INPUT RECORDS section start

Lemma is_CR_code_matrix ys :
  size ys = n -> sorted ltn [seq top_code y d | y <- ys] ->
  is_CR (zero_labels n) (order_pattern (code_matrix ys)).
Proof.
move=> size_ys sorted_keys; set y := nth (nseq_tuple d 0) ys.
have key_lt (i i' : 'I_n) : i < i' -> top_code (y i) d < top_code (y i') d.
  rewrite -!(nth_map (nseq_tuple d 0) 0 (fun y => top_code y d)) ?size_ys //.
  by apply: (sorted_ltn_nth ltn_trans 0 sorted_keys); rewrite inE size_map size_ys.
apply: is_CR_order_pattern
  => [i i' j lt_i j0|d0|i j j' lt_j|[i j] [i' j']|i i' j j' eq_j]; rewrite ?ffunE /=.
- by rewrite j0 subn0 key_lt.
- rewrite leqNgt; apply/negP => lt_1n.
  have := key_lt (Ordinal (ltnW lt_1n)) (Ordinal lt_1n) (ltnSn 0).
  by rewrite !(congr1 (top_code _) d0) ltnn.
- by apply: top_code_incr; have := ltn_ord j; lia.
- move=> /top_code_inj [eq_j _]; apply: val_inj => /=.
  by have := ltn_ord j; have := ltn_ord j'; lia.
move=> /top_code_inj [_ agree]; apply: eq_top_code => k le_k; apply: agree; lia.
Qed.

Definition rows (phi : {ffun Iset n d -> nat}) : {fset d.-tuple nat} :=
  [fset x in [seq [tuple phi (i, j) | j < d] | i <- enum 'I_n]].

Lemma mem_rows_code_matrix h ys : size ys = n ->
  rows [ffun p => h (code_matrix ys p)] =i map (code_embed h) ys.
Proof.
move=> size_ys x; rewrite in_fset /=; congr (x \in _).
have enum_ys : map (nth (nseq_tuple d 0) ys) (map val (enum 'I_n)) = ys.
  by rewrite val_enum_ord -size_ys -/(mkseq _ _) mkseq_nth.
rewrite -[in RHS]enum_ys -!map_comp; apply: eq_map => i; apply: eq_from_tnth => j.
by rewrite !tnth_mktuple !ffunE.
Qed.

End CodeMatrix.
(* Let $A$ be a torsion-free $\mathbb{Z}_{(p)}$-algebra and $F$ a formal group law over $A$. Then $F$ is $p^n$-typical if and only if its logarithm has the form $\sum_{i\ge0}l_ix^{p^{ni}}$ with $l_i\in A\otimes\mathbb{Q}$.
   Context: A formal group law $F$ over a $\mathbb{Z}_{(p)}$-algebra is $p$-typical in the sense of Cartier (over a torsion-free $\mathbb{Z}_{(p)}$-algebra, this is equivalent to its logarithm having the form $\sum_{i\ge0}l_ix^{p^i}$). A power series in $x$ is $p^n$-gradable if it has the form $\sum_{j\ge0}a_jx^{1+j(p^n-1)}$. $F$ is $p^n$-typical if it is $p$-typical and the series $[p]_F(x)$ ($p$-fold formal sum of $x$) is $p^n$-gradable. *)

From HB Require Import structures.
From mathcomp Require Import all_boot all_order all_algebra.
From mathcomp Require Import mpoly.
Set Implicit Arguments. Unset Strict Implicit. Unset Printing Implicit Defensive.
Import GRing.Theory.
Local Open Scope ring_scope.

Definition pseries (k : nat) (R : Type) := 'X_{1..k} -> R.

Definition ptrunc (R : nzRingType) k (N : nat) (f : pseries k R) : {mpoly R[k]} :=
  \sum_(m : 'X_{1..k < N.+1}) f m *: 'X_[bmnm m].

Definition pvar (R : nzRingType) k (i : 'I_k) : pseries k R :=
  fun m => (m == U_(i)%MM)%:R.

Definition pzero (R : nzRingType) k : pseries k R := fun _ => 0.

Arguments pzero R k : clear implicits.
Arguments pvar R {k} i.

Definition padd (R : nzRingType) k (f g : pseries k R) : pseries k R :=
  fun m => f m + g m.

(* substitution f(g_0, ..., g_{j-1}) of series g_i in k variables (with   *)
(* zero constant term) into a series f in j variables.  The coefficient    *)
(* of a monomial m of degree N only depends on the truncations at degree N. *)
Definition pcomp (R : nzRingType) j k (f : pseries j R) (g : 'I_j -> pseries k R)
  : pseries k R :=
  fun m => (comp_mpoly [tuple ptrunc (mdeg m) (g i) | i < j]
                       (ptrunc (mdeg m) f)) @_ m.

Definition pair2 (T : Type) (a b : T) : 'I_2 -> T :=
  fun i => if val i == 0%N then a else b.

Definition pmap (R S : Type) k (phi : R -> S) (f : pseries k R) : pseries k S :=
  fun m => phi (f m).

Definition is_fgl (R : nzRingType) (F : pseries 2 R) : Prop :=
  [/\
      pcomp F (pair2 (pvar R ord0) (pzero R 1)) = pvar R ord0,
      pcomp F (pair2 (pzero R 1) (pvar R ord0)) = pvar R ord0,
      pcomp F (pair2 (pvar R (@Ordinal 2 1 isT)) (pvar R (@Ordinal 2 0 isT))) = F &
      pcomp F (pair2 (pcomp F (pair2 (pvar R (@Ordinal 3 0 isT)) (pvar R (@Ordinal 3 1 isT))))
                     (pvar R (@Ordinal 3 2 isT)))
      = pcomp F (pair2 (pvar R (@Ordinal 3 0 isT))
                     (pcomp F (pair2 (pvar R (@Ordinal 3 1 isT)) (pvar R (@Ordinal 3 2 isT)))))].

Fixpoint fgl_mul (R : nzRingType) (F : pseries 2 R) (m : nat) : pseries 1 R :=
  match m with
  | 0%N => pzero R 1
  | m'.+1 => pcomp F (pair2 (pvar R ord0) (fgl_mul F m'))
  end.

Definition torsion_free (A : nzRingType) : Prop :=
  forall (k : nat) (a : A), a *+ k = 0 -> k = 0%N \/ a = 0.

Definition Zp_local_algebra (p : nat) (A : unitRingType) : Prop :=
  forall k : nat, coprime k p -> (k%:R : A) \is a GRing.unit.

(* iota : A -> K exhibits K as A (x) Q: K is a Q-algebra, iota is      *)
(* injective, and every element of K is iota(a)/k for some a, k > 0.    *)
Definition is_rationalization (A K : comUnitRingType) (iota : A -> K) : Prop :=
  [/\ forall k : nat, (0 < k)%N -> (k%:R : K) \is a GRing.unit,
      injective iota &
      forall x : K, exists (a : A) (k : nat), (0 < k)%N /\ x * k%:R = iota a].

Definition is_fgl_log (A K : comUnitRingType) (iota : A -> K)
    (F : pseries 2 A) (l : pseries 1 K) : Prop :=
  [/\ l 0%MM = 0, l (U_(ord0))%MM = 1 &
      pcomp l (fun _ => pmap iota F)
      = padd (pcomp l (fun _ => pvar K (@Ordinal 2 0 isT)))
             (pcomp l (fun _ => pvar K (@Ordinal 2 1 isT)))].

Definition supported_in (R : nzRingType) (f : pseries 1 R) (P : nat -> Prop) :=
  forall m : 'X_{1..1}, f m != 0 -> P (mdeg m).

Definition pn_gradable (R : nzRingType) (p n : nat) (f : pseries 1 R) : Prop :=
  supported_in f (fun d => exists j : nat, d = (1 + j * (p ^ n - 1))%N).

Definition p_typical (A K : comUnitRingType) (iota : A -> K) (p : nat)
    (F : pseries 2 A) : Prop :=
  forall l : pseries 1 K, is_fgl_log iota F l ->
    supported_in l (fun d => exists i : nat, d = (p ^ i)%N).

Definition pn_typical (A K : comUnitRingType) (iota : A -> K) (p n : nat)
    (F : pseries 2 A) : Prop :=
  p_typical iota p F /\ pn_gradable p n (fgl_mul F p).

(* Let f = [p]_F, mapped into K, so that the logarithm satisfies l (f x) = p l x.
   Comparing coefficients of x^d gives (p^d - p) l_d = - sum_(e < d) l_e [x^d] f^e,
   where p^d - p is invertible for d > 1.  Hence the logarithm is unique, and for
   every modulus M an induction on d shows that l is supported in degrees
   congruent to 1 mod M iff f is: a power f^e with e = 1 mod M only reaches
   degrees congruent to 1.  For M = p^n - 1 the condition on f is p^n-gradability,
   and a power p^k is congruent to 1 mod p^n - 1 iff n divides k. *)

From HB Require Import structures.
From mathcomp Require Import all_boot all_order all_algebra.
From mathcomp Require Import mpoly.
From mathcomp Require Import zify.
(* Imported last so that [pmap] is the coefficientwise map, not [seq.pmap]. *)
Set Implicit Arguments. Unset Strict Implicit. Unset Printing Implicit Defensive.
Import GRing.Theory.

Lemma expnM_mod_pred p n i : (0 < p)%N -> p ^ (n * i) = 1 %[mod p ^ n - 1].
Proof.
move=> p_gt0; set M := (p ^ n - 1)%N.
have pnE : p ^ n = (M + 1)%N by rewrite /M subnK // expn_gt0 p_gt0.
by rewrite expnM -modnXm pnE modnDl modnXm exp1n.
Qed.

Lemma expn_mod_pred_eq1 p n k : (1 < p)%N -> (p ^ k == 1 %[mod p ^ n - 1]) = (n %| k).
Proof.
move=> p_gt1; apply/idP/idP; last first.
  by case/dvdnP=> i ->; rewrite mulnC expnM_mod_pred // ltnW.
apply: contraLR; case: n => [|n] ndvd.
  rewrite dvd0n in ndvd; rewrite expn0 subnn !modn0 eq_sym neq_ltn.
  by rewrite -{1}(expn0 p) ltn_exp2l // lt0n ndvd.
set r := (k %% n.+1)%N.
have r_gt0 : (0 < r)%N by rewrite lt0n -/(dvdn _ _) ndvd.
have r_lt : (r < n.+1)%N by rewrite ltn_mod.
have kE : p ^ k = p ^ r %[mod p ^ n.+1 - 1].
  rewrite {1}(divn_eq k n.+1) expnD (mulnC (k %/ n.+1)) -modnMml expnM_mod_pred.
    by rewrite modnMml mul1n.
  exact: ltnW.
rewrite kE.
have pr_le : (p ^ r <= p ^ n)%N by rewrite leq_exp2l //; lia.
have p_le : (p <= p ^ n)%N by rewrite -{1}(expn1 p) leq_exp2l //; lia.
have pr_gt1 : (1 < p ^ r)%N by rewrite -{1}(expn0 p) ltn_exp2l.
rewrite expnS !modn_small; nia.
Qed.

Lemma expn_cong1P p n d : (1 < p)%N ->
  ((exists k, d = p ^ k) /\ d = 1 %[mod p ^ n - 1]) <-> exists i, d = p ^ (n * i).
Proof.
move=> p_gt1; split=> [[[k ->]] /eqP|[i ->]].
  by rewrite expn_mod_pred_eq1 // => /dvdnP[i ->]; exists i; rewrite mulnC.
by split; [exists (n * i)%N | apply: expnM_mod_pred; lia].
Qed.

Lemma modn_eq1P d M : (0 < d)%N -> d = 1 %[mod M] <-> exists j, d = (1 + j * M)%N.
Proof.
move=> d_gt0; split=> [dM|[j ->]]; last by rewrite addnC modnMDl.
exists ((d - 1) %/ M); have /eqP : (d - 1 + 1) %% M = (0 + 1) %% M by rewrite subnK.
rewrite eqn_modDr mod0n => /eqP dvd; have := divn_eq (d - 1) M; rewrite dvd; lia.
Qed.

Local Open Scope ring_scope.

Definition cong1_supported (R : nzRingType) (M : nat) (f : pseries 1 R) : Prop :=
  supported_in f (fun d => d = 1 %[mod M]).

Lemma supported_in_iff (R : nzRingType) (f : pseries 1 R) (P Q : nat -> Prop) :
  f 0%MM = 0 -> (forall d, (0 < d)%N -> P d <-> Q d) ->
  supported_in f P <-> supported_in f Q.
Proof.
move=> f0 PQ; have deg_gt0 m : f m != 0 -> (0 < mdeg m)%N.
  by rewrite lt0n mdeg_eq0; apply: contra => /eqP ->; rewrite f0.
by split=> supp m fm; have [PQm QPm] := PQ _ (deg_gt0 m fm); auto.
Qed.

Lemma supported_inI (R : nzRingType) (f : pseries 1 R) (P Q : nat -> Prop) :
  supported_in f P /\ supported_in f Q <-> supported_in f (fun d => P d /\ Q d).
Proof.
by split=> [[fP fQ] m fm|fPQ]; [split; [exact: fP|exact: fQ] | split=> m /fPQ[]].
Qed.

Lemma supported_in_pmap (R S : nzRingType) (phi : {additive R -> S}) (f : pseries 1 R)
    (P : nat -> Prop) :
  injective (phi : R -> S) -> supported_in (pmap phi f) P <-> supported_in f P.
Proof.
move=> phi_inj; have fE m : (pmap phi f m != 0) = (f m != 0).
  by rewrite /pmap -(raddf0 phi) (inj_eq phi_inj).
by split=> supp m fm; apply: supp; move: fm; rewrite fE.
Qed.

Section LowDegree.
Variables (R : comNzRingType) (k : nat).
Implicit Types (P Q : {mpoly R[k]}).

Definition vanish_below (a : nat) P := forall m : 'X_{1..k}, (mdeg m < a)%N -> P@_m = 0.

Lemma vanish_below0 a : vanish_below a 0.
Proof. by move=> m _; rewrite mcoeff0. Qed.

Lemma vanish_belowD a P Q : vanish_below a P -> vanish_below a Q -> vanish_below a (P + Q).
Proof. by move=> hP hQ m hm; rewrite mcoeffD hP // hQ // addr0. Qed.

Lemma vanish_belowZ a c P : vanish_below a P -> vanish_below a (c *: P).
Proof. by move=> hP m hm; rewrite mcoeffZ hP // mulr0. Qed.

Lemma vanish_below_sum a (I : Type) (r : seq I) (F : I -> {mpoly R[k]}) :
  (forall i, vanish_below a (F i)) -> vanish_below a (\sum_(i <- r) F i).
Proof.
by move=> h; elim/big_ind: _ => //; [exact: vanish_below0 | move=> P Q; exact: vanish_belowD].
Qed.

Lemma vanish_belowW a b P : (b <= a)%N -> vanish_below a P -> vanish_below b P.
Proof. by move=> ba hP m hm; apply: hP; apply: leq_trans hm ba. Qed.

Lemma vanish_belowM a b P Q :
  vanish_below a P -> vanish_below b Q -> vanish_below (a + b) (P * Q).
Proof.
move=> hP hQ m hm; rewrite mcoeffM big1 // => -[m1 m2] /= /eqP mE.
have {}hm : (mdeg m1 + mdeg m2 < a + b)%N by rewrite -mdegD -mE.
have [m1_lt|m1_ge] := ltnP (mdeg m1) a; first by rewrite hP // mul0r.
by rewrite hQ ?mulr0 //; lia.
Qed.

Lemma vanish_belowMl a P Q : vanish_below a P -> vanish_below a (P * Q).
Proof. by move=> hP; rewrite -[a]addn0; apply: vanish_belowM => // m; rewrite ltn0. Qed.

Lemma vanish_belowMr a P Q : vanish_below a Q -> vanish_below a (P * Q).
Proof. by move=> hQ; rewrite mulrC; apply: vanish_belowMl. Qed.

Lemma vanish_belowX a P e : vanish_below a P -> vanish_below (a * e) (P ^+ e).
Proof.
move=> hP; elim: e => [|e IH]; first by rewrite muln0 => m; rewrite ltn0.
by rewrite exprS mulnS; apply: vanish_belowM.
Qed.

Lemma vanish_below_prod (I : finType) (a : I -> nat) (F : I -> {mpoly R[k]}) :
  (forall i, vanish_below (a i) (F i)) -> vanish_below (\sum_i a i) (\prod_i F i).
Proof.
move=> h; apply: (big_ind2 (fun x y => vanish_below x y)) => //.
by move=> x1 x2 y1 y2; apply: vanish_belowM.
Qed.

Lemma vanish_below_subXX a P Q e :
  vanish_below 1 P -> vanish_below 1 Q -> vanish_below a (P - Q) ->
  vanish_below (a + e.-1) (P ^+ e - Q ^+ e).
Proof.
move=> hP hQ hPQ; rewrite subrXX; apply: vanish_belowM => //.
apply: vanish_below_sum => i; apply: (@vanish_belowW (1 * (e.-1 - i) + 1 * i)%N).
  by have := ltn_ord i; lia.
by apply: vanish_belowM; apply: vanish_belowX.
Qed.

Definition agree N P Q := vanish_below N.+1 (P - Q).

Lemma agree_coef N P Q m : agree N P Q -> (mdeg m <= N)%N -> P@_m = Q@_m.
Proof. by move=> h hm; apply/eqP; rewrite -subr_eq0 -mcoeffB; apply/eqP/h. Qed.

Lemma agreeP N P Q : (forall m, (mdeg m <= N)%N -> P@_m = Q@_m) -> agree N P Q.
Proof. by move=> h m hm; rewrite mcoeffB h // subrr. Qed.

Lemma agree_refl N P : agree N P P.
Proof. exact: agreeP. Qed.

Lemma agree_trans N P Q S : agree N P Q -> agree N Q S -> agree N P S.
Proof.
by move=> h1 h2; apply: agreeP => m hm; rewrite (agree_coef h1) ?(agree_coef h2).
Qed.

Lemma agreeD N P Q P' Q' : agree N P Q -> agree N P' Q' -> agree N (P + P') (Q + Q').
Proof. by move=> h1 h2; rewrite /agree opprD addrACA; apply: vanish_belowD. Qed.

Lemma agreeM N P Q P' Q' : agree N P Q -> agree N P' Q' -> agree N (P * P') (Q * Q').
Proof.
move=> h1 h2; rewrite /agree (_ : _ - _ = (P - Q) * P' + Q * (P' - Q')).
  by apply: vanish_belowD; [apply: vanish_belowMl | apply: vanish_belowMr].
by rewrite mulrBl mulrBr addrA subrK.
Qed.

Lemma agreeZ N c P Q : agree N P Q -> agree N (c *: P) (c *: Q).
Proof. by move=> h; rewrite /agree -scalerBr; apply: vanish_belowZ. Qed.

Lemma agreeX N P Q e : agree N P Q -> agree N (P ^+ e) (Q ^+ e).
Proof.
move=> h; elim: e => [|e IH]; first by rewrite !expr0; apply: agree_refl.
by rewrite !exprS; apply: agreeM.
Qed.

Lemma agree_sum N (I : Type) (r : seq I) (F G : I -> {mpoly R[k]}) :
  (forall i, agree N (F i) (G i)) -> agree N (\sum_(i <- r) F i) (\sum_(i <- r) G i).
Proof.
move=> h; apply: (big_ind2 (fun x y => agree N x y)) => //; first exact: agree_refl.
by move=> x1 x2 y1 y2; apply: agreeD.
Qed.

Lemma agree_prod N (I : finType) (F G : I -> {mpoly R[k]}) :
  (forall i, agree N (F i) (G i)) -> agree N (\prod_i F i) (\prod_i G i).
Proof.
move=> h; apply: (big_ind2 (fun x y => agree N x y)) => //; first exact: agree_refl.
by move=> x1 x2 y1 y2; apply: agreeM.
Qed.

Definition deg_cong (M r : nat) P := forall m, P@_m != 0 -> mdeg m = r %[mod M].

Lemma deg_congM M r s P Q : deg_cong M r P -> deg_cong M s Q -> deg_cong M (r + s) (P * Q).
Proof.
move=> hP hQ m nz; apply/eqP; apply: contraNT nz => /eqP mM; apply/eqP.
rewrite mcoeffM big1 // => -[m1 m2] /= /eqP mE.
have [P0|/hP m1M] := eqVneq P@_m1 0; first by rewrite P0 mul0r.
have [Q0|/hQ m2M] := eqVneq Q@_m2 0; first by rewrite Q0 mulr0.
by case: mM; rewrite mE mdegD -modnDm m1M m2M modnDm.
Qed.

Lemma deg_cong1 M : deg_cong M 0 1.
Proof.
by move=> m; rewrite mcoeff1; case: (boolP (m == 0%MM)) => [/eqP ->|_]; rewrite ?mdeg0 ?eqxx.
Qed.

INPUT RECORDS section end

Above are the records. Identify each line that contains the word "Arguments".

Set Implicit Arguments. Unset Strict Implicit. Unset Printing Implicit Defensive.
Arguments pzero R k : clear implicits.
Arguments pvar R {k} i.
Set Implicit Arguments. Unset Strict Implicit. Unset Printing Implicit Defensive.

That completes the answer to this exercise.